Convert the raw HTML string to a BeautifulSoup object, so that we can parse the data.


In [7]:
from bs4 import BeautifulSoup

In [8]:
music_soup = BeautifulSoup(music, 'html.parser')

> Print Soup Object

In [9]:
print(music_soup)

<!DOCTYPE html>

<html lang="en-us" translate="no" xmlns="http://www.w3.org/1999/xhtml" xmlns:fb="http://ogp.me/ns/fb#">
<head>
<title>
    Berlin, Germany Music Events | Eventbrite
</title>
<meta charset="utf-8"/>
<meta content="IE=edge,chrome=1" http-equiv="X-UA-Compatible"/>
<meta content="en" http-equiv="Content-Language">
<link href="https://cdn.evbstatic.com/s3-build/309747-rc2022-01-04_16.04-95e27e1/django/images/favicons/favicon-32x32.png" rel="icon" sizes="32x32" type="image/png"/>
<link href="https://cdn.evbstatic.com/s3-build/309747-rc2022-01-04_16.04-95e27e1/django/images/favicons/favicon-194x194.png" rel="icon" sizes="194x194" type="image/png"/>
<link href="https://cdn.evbstatic.com/s3-build/309747-rc2022-01-04_16.04-95e27e1/django/images/favicons/favicon-96x96.png" rel="icon" sizes="96x96" type="image/png"/>
<link href="https://cdn.evbstatic.com/s3-build/309747-rc2022-01-04_16.04-95e27e1/django/images/favicons/android-chrome-192x192.png" rel="icon" sizes="192x192" type="i

### Step 4: Navigate the tree

* Use the BeautifulSoup object to find the tags with the information you want.


The methods we can use on a BeautifulSoup object are:

.prettify() - convert the returned BS object into formatted html output

.find() - returns the instance of your "query"

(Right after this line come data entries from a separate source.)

(* Let $0\le r\le n$, let $f$ be an $r$-truncated subexceedant function on $[n-r]$, choose an admissible placement of block-ends, and let $A\in\mathcal{A}_{n+1,r+1}$ be the resulting assemblée produced by the insertion algorithm described below. Let $w_\alpha=\#\{i\in[n-r]: f(i)=i+r+1\}$ (the number of inserted elements given weight $\alpha^{-1}$) and $w_\beta=\#\{i\in[n-r]: f(i)=1\}$ (the number of inserted elements given weight $\beta^{-1}$). Then $|\mathrm{lrs}(\rho(A))|=w_\alpha$ and $|\mathrm{rls}(\rho(A))|=w_\beta$.
   Context: An assemblée of size $(m,s)$ is a collection of $s$ nonempty, pairwise disjoint, linearly ordered sets (blocks) whose union is $\{1,\dots,m\}$; the last element of a block is its block-end. Blocks are listed in the canonical order in which block-ends decrease from left to right, and the assemblée is identified with the word obtained by concatenating its blocks (''left/right in $A$'' refers to this word). $\mathcal{A}_{m,s}$ is the set of assemblées of size $(m,s)$. For $A\in\mathcal{A}_{n+1,r+1}$ with block-ends $b_1>\dots>b_{r+1}$: $\mathrm{lrs}(A)$ is the set of elements $x>b_1$ of $A$ larger than every element $y>b_1$ to the right of $x$ in $A$; $\mathrm{rls}(A)$ is the set of elements $x<b_{r+1}$ of $A$ larger than every element $y<b_{r+1}$ to the left of $x$ in $A$. An $r$-truncated subexceedant function on $[n-r]=\{1,\dots,n-r\}$ is a function $f:[n-r]\to\mathbb{Z}_{>0}$ with $f(i)\le i+r+1$ for all $i$. Insertion algorithm. Start with $r+1$ ''green'' markers $g_1,\dots,g_{r+1}$ arranged vertically (in a linear ''height'' order, $g_1$ on top). For $i=1,\dots,n-r$ insert a new element $x_i$, placed horizontally to the right of $x_{i-1}$, into the current height order (which contains the $r+1$ green markers and $x_1,\dots,x_{i-1}$, i.e. $i+r$ items) at position $f(i)$ counted from the bottom: $f(i)=1$ means below all current items, $f(i)=k$ means directly above the $(k-1)$-st item from the bottom (so $f(i)=i+r+1$ means above all current items). At the end, every one of the $n+1$ items receives as value its rank in the height order (from $1$ at the bottom to $n+1$ at the top); write $x_i$ also for the value of $x_i$ and $b_1>\dots>b_{r+1}$ for the values of $g_1,\dots,g_{r+1}$. An admissible placement of block-ends is a way of merging the sequence $x_1,\dots,x_{n-r}$ with the sequence $b_1,\dots,b_{r+1}$ (keeping both orders) such that $b_{r+1}$ is the last letter; there are $\binom{n}{r}$ of them. Cutting the merged word after each $b_i$ gives an assemblée $A\in\mathcal{A}_{n+1,r+1}$ with block-ends $b_1,\dots,b_{r+1}$. The inserted element $x_i$ is given weight $\beta^{-1}$ if $f(i)=1$, weight $\alpha^{-1}$ if $f(i)=i+r+1$, and weight $1$ otherwise. The map $\rho$. For $A\in\mathcal{A}_{n+1,r+1}$ with block-ends $b_1>\dots>b_{r+1}$, let $[a_1,\dots,a_u]$ be the elements of $A$ greater than $b_1$, listed in their order of appearance in $A$ from left to right, and $[c_1,\dots,c_w]$ the elements smaller than $b_{r+1}$, in their order of appearance. $\rho(A)$ is the word obtained from $A$ by replacing $a_i$ (in its position) by $a_{u-i+1}$ for each $i$, replacing $c_i$ by $b_{r+1}-c_i$ for each $i$, and leaving all other entries unchanged; it is again an assemblée in $\mathcal{A}_{n+1,r+1}$ with the same block-ends. *)

From mathcomp Require Import all_boot.
Set Implicit Arguments. Unset Strict Implicit. Unset Printing Implicit Defensive.
Lemma qp_recip p : p != 0 -> qp (recip p) = qp 'X^((size p).-1) * qbar (qp p).
Proof.
move=> p_neq0; set d := (size p).-1.
have size_p : size p = d.+1 by rewrite prednK // size_poly_gt0.
rewrite qbar_qp -rmorphM comp_polyE size_p /recip size_p poly_def big_distrr !raddf_sum.
rewrite (reindex_inj rev_ord_inj); apply: eq_bigr => [[i lt_id]] _ /=.
rewrite !subSS subn0 subKn // -scalerAr !linearZ /=; congr (_ *: _).
rewrite -exprM -exprD; apply: qp_Xn_eq.
case: m m_gt0 => // n _ /=; apply/eqP.
by rewrite -(eqn_modDr i) subnK // -addnA -mulSnr -modnDmr modnMr addn0.
Qed.

Section Cofactor.
Variable g : {poly F}.
Hypotheses (g_monic : g \is monic) (g_dvd : g %| xm).
Local Notation h := (xm %/ g).

Lemma qp_mul_eq0_cofactor (x : Q) : qp g * x = 0 -> exists s : Q, x = qp h * s.
Proof.
move=> gx0; have : xm %| g * x.
  by apply/modp_eq0P; rewrite -/(modR m _) -qpE in_qpolyM qp_val gx0.
rewrite -{1}(divpK g_dvd) mulrC dvdp_mul2l ?monic_neq0 // => dvd_h_x.
by exists (qp (x %/ h)); rewrite -{1}[x]qp_val -{1}(divpK dvd_h_x) rmorphM mulrC.
Qed.

Lemma cofactor_horner0_neq0 : h.[0] != 0.
Proof.
apply/eqP => h0; have : xm.[0] = 0 by rewrite -(divpK g_dvd) hornerM h0 mul0r.
rewrite /xm1 !hornerE expr0n eqn0Ngt m_gt0 /= sub0r => /eqP.
by rewrite oppr_eq0 oner_eq0.
Qed.

Lemma perpR_cofactor : perpR m g = (h.[0])^-1 *: recip h.
Proof.
have : xm %/ gcdp (modR m g) xm %= h.
  by apply: eqp_divr; apply: eqp_trans (gcdp_modl g xm) (dvdp_gcd_idl g_dvd).
case/eqpP => [[c1 c2] /andP [/= c1_neq0 c2_neq0] e].
have e' : xm %/ gcdp (modR m g) xm = (c2 / c1) *: h.
  by rewrite mulrC -scalerA -e scalerA mulVf // scale1r.
have c_neq0 : c2 / c1 != 0 by rewrite mulf_neq0 ?invr_eq0.
by rewrite /perpR e' recipZ // hornerZ scalerA invfM mulrAC mulVf // mul1r.
Qed.

Lemma qp_perpR : qp (perpR m g) = (h.[0])^-1 *: (qp 'X^((size h).-1) * qbar (qp h)).
Proof.
rewrite perpR_cofactor in_qpolyZ qp_recip //.
by apply: contraNneq cofactor_horner0_neq0 => ->; rewrite horner0.
Qed.

Lemma mul_qbar_perpR : qp g * qbar (qp (perpR m g)) = 0.
Proof.
rewrite qp_perpR qbarZ rmorphM qbarK -scalerAr mulrCA -[qp g * _]in_qpolyM.
by rewrite [g * _]mulrC (divpK g_dvd) qp_xm1 !mulr0 scaler0.
Qed.

Lemma qbar_cofactor : exists k : Q, qbar (qp h) = qp (perpR m g) * k.
Proof.
set d := (size h).-1; exists ((h.[0]) *: qp 'X^(m.-1 * d)).
rewrite qp_perpR -scalerAl -scalerAr scalerA mulVf ?cofactor_horner0_neq0 // scale1r.
rewrite mulrAC -[qp 'X^_ * qp 'X^_]in_qpolyM -exprD -/d qp_Xn_mod -mulSn prednK //.
by rewrite modnMr expr0 rmorph1 mul1r.
Qed.

End Cofactor.

Lemma vecR_qp p p' : qp p = qp p' -> vecR m p = vecR m p'.
Proof. by move/eq_modR_qp => e; rewrite /vecR e. Qed.

Lemma qp_vecR p p' : vecR m p = vecR m p' -> qp p = qp p'.
Proof.
move=> e; apply/val_inj; rewrite [LHS]qpE [RHS]qpE; apply/polyP => j.
have [lt_jm | le_mj] := ltnP j m.
  by have := congr1 (fun w : 'rV[F]_m => w 0 (Ordinal lt_jm)) e; rewrite !mxE.
by rewrite !nth_default // (leq_trans (size_modR _)).
Qed.

Lemma vecR_surj (w : 'rV[F]_m) : exists p, vecR m p = w.
Proof.
exists (\sum_(i < m) w 0 i *: 'X^i); apply/rowP => j; rewrite mxE -qpE.
rewrite (in_qpoly_small _); last first.
  rewrite mk_monic_xm1 size_xm1 ltnS; apply: (leq_trans (size_sum _ _ _)).
  by apply/bigmax_leqP => i _; rewrite (leq_trans (size_scale_leq _ _)) ?size_polyXn.
rewrite coef_sum (bigD1 j) //= coefZ coefXn eqxx mulr1 big1 ?addr0 // => l ne_lj.
by rewrite coefZ coefXn eq_sym (negbTE (ne_lj : l != j :> nat)) mulr0.
Qed.

Lemma vecRN p : vecR m (- p) = - vecR m p.
Proof. by apply/rowP => i; rewrite !mxE /modR modNp coefN. Qed.

Lemma formE_vecR a1 a2 b1 b2 :
  formE (vecR m a1, vecR m a2) (vecR m b1, vecR m b2) =
  ((qp a1 * qbar (qp b1) + qp a2 * qbar (qp b2) : Q) : {poly F})`_0.
Proof.
rewrite poly_of_qpolyD coefD !coef0_mul_qbar /formE /=.
by congr (_ + _); apply: eq_bigr => i _; rewrite !mxE -!qpE.
Qed.

Lemma QCcode_vecR u11 u12 u21 u22 a b :
  QCcode u11 u12 u21 u22 (vecR m a, vecR m b) <->
  exists r1 r2 : Q, qp a = r1 * qp u11 + r2 * qp u21 /\ qp b = r1 * qp u12 + r2 * qp u22.
Proof.
split=> [[r1 [r2 [e1 e2]]] | [r1 [r2 [e1 e2]]]].
  by exists (qp r1), (qp r2); rewrite -!in_qpolyM -!in_qpolyD; split; apply: qp_vecR.
exists r1, r2; congr pair; apply: vecR_qp; by rewrite in_qpolyD !in_qpolyM !qp_val.
Qed.

Lemma QCcode_qp_congr u11 u12 u21 u22 u11' u12' u21' u22' (c : word F m) :
  qp u11 = qp u11' -> qp u12 = qp u12' -> qp u21 = qp u21' -> qp u22 = qp u22' ->
  QCcode u11 u12 u21 u22 c <-> QCcode u11' u12' u21' u22' c.
Proof.
move=> e11 e12 e21 e22; case: c => c1 c2.
have [a <-] := vecR_surj c1; have [b <-] := vecR_surj c2.
by rewrite !QCcode_vecR e11 e12 e21 e22.
Qed.
Lemma mem_gpowers x : (x \in gpowers) = (x != 0).
Proof.
apply/idP/idP => [/mapP[i _ ->]|x_neq0].
  by rewrite expf_neq0 // (prim_root_eq0 g_prim) -lt0n m_gt0.
have [i ->] := prim_rootP g_prim (unit_expr_pred x_neq0).
by apply/mapP; exists (i : nat); rewrite // mem_iota add0n ltn_ord.
Qed.

(* Discrete logarithm to the base g; junk value [m] at 0. *)
Definition dlog (x : F) : nat := index x gpowers.

Lemma dlog_lt x : x != 0 -> (dlog x < m)%N.
Proof. by rewrite -mem_gpowers -index_mem size_mkseq. Qed.

Lemma dlogK x : x != 0 -> g ^+ dlog x = x.
Proof.
move=> x_neq0; have := nth_index 0 (etrans (mem_gpowers x) x_neq0).
by rewrite nth_mkseq ?dlog_lt.
Qed.

Lemma dlog_expr j : (j < m)%N -> dlog (g ^+ j) = j.
Proof.
move=> lt_jm; rewrite /dlog -{1}(nth_mkseq 0 (fun i => g ^+ i) lt_jm).
by rewrite index_uniq ?size_mkseq ?gpowers_uniq.
Qed.

Lemma dlog1 : dlog 1 = 0%N.
Proof. by rewrite -(expr0 g) dlog_expr ?m_gt0. Qed.

Lemma dlog_eq0 z : z != 0 -> (dlog z == 0%N) = (z == 1).
Proof.
move=> z_neq0; apply/eqP/eqP => [dz0|->]; last exact: dlog1.
by rewrite -(dlogK z_neq0) dz0 expr0.
Qed.

Lemma dlogM x y : x != 0 -> y != 0 -> dlog (x * y) = (dlog x + dlog y) %[mod m].
Proof.
move=> x_neq0 y_neq0; apply/eqP.
by rewrite -(eq_prim_root_expr g_prim) exprD !dlogK ?mulf_neq0.
Qed.

Lemma sum_nz_gpowers (h : F -> C) : \sum_(x | x != 0) h x = \sum_(j < m) h (g ^+ j).
Proof.
rewrite -(big_mkord xpredT (fun j => h (g ^+ j))) -(big_map (fun j => g ^+ j) xpredT h).
rewrite -/(mkseq _ _) -/gpowers -big_enum /= subn0; apply: perm_big.
apply: uniq_perm; [exact: enum_uniq | exact: gpowers_uniq |].
by move=> x; rewrite mem_enum mem_gpowers.
Qed.

Definition chi (k : nat) (x : F) : C := w ^+ (k * dlog x).

Lemma chiM k x y : x != 0 -> y != 0 -> chi k (x * y) = chi k x * chi k y.
Proof.
move=> x_neq0 y_neq0; rewrite /chi -exprD -mulnDr; apply/eqP.
by rewrite (eq_prim_root_expr w_prim) -modnMmr dlogM // modnMmr.
Qed.

Lemma chi1 k : chi k 1 = 1.
Proof. by rewrite /chi dlog1 muln0 expr0. Qed.

Lemma norm_chi k x : `|chi k x| = 1.
Proof. by rewrite normrX (prim_root_norm1 w_prim) expr1n. Qed.

Lemma chi_neq0 k x : chi k x != 0.
Proof. by rewrite -normr_eq0 norm_chi oner_eq0. Qed.

Lemma chiV k x : x != 0 -> chi k x^-1 = (chi k x)^-1.
Proof.
move=> x_neq0; apply: (mulfI (chi_neq0 k x)).
by rewrite -chiM ?invr_eq0 // mulfV // divff ?chi_neq0 // chi1.
Qed.

Lemma chiX k x e : x != 0 -> chi k (x ^+ e) = chi (k * e) x.
Proof.
move=> x_neq0; have -> : chi (k * e) x = chi k x ^+ e by rewrite /chi -exprM mulnAC.
by elim: e => [|e IHe]; rewrite ?chi1 // !exprS chiM ?expf_neq0 ?IHe.
Qed.

Lemma prod_chi (I : finType) (P : pred I) (k : I -> nat) x :
  \prod_(i | P i) chi (k i) x = chi (\sum_(i | P i) k i) x.
Proof. by rewrite /chi big_distrl (big_morph _ (exprD w) (expr0 w)). Qed.

Lemma sum_chi k : \sum_(x | x != 0) chi k x = if (m %| k)%N then m%:R else 0.
Proof.
rewrite sum_nz_gpowers (eq_bigr (fun j : 'I_m => (w ^+ k) ^+ j)) => [|j _]; last first.
  by rewrite /chi dlog_expr // -exprM.
rewrite sum_expr_unity_root -?(prim_order_dvd w_prim) //.
by rewrite -exprM mulnC exprM (prim_expr_order w_prim) expr1n.
Qed.

Lemma sum_chiV k : ~~ (m %| k)%N -> \sum_(t | t != 0) (chi k t)^-1 = 0.
Proof.
move=> m_ndvd_k; rewrite (eq_bigr (fun t => chi k t^-1)) => [|t t_neq0]; last by rewrite chiV.
rewrite (reindex_inj invr_inj) /= (eq_big (fun t => t != 0) (chi k)) => [|t|t _].
- by rewrite sum_chi (negbTE m_ndvd_k).
- by rewrite invr_eq0.
- by rewrite invrK.
Qed.

Lemma count_root_chi e y : y != 0 ->
  \sum_(x | x != 0) ((x ^+ e == y)%:R : C) =
  \sum_(k < m | (m %| k * e)%N) (chi k y)^-1.
Proof.
move=> y_neq0.
have orthogonality x : x != 0 -> ((x ^+ e == y)%:R : C) =
    m%:R^-1 * \sum_(k < m) chi k (x ^+ e) * (chi k y)^-1.
  move=> x_neq0; set z := x ^+ e / y.
  have z_neq0 : z != 0 by rewrite mulf_neq0 ?expf_neq0 ?invr_eq0.
  have chi_z (k : 'I_m) : chi k (x ^+ e) * (chi k y)^-1 = (w ^+ dlog z) ^+ k.
    by rewrite -chiV // -chiM ?expf_neq0 ?invr_eq0 // /chi -exprM mulnC.
  under eq_bigr do rewrite chi_z.
  rewrite sum_expr_unity_root; last first.
    by rewrite -exprM mulnC exprM (prim_expr_order w_prim) expr1n.
  rewrite -(prim_order_dvd w_prim) dvdn_ltn_eq0 ?dlog_lt // dlog_eq0 //.
  rewrite /z (can2_eq (divfK y_neq0) (mulfK y_neq0)) mul1r.
  by case: eqP => _; rewrite ?mulr0 ?mulVf ?m_neq0.
under eq_bigr => x x_neq0 do rewrite (orthogonality x x_neq0).
rewrite -mulr_sumr exchange_big /= mulr_sumr [RHS]big_mkcond; apply: eq_bigr => k _.
rewrite -mulr_suml; under eq_bigr => x x_neq0 do rewrite chiX //.
rewrite sum_chi; case: ifP => _; last by rewrite mul0r mulr0.
by rewrite mulrA mulVf ?m_neq0 ?mul1r.
Qed.

Definition gauss (k : nat) : C := \sum_(z | z != 0) (chi k z)^-1 * psi z.

Lemma sum_psi_monomial e b : b != 0 ->
  \sum_(x | x != 0) psi (b * x ^+ e) =
  \sum_(k < m | (m %| k * e)%N) chi k b * gauss k.
Proof.
move=> b_neq0.
have as_sum x : x != 0 ->
    psi (b * x ^+ e) = \sum_(y | y != 0) (x ^+ e == y)%:R * psi (b * y).
  move=> x_neq0; rewrite (bigD1 (x ^+ e)) ?expf_neq0 //= eqxx mul1r big1 ?addr0 //.
  by move=> y /andP[_ /negbTE]; rewrite eq_sym => ->; rewrite mul0r.
under eq_bigr => x x_neq0 do rewrite (as_sum x x_neq0).
rewrite exchange_big /=.
under eq_bigr => y y_neq0 do rewrite -mulr_suml (count_root_chi e y_neq0) mulr_suml.
rewrite exchange_big /=; apply: eq_bigr => k _.
rewrite /gauss mulr_sumr (reindex_inj (mulIf (invr_neq0 b_neq0))) /=.
have nz_div z : (z / b != 0) = (z != 0) by rewrite mulf_eq0 invr_eq0 (negbTE b_neq0) orbF.
apply: eq_big => [z|z]; first exact: nz_div.
rewrite nz_div => z_neq0.
rewrite chiM ?invr_eq0 // chiV // invfM invrK [b * _]mulrC divfK //.
by rewrite mulrAC mulrC.
Qed.

Lemma gauss0 : gauss 0 = -1.
Proof.
rewrite /gauss; under eq_bigr do rewrite /chi mul0n expr0 invr1 mul1r.
have := sum_nz_psiM 1; rewrite oner_eq0 sub0r => <-.
by apply: eq_bigr => s _; rewrite mulr1.
Qed.
(* Define, for $m,n\ge1$, $\widetilde G_{m,n}(a)=G_{m,n}(a)+\sum_{j=0}^{m-2}G_{n-1,j+2}(a)\,G_{m-j-1,2}(a)$. Then \[ \sum_{m\ge1}\sum_{n\ge1}\widetilde G_{m,n+1}(a)x^my^n=\frac{-yL(a,-x)+xL(a,-y)}{-L(a,-x)+L(a,-y)}\left(\frac{-yL(a,-x)-xL(a,-y)}{xy}-1\right), \] and consequently $\widetilde G_{m,n}(a)=\widetilde G_{n-1,m+1}(a)$ for all $m\ge1$, $n\ge2$.
   Context: Let $L(a,t)=\sum_{n\ge1}\lambda_n(a)t^n\in\mathbb Q[a][[t]]$ be the compositional inverse (in $t$) of $e^{-at}(e^t-1)$, equivalently the unique such series with $e^{L(a,t)}(1-te^{(a-1)L(a,t)})=1$. The generalized Gregory polynomials $G_{m,n}(a)$ are defined by $\sum_{m,n\ge0}G_{m,n}(a)x^my^n=\dfrac{yL(a,-x)^2-xL(a,-y)^2}{-L(a,-x)+L(a,-y)}$. *)

(* Formal power series with coefficients in Q[a] = {poly rat}
   are represented by their coefficient functions:
     univariate  series  u : nat -> {poly rat}         (u n = coeff of t^n)
     bivariate   series  A : nat -> nat -> {poly rat}  (A m n = coeff of x^m y^n) *)
From HB Require Import structures.
From mathcomp Require Import all_boot all_order all_algebra.
Set Implicit Arguments. Unset Strict Implicit. Unset Printing Implicit Defensive.
Import Order.TTheory GRing.Theory Num.Theory.
Local Open Scope ring_scope.

Notation Qa := {poly rat}.
Notation ser := (nat -> Qa).
Notation bser := (nat -> nat -> Qa).

(* coefficients of f(a,t) = e^{-at}(e^t - 1) = e^{(1-a)t} - e^{-at}:
   f_k = ((1-a)^k - (-a)^k) / k!  *)
Definition fcoef (k : nat) : Qa :=
  ((k`!%:R : rat)^-1)%:P * ((1 - 'X) ^+ k - (- 'X) ^+ k).

Definition smul (u v : ser) : ser :=
  fun n => \sum_(i < n.+1) u i * v (n - i)%N.
Definition sone : ser := fun n => (n == 0%N)%:R.
Definition spow (u : ser) (k : nat) : ser := iter k (smul u) sone.

(* lam is the coefficient sequence of L(a,t), the compositional inverse of
   f(a,t) in t:  L has no constant term and f(a, L(a,t)) = t. *)
Definition is_L (lam : ser) : Prop :=
  lam 0%N = 0 /\
  forall n : nat, \sum_(k < n.+1) fcoef k * spow lam k n = (n == 1%N)%:R.

Definition badd (A B : bser) : bser := fun m n => A m n + B m n.
Definition bopp (A : bser) : bser := fun m n => - A m n.
Definition bsub (A B : bser) : bser := fun m n => A m n - B m n.
Definition bmul (A B : bser) : bser :=
  fun m n => \sum_(i < m.+1) \sum_(j < n.+1) A i j * B (m - i)%N (n - j)%N.
Definition bX : bser := fun m n => ((m == 1%N) && (n == 0%N))%:R.
Definition bY : bser := fun m n => ((m == 0%N) && (n == 1%N))%:R.

(* L(a,-x) and L(a,-y) as bivariate series *)
Definition Lmx (lam : ser) : bser :=
  fun m n => if n == 0%N then (-1) ^+ m * lam m else 0.
Definition Lmy (lam : ser) : bser :=
  fun m n => if m == 0%N then (-1) ^+ n * lam n else 0.

(* G is the generating series of the generalized Gregory polynomials:
   (-L(a,-x) + L(a,-y)) * G(x,y) = y L(a,-x)^2 - x L(a,-y)^2
   (this determines G uniquely since Q[a][[x,y]] is an integral domain and
   -L(a,-x)+L(a,-y) = x - y + ... is nonzero). *)
Definition is_G (lam : ser) (G : bser) : Prop :=
  forall m n : nat,
    bmul (bsub (Lmy lam) (Lmx lam)) G m n =
    bsub (bmul bY (bmul (Lmx lam) (Lmx lam)))
         (bmul bX (bmul (Lmy lam) (Lmy lam))) m n.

.find_all() - find all instances of an html attribute


There are several other find and find_all methods which replicate the above behaviour, but for particular attributes, and include (find_next / find_all_next / find_previous / find_all_previous / find_parent / next_sibling / previous_sibling)


In [10]:
music_soup.prettify()



In [11]:
music_soup.head.title

<title>
    Berlin, Germany Music Events | Eventbrite
</title>

In [12]:
music_soup.head.title.text

'\n    Berlin, Germany Music Events | Eventbrite\n'

In [None]:
# .text returns the actual part of the tag that is outside of the < angled brackets > 

In [13]:
music_soup.title.name

'title'

* Using Query methods:  find() and find_all()

In [14]:
music_soup.body.find_all('h3')

[<h3 class="eds-event-card-content__title eds-text-color--ui-800 eds-text-bl eds-text-weight--heavy"><div data-spec="event-card__formatted-name"><div class="eds-is-hidden-accessible">LASS ZOCKEN • INDIE vs HIPHOP • NEW DATE  26.02.22  • LIDO BERLIN</div><div aria-hidden="true" class="eds-event-card__formatted-name--is-clamped eds-event-card__formatted-name--is-clamped-three eds-text-weight--heavy" data-spec="event-card__formatted-name--content" role="presentation">LASS ZOCKEN • INDIE vs HIPHOP • NEW DATE  26.02.22  • LIDO BERLIN</div></div></h3>,
 <h3 class="eds-event-card-content__title eds-text-color--ui-800 eds-text-bl eds-text-weight--heavy"><div data-spec="event-card__formatted-name"><div class="eds-is-hidden-accessible">LASS ZOCKEN • INDIE vs HIPHOP • NEW DATE  26.02.22  • LIDO BERLIN</div><div aria-hidden="true" class="eds-event-card__formatted-name--is-clamped eds-event-card__formatted-name--is-clamped-three eds-text-weight--heavy" data-spec="event-card__formatted-name--content

#### We can use a list comprehension!

In [16]:
[t.text for t in music_soup.find_all('h3', class_='eds-event-card-content__title eds-text-color--ui-800 eds-text-bl eds-text-weight--heavy')]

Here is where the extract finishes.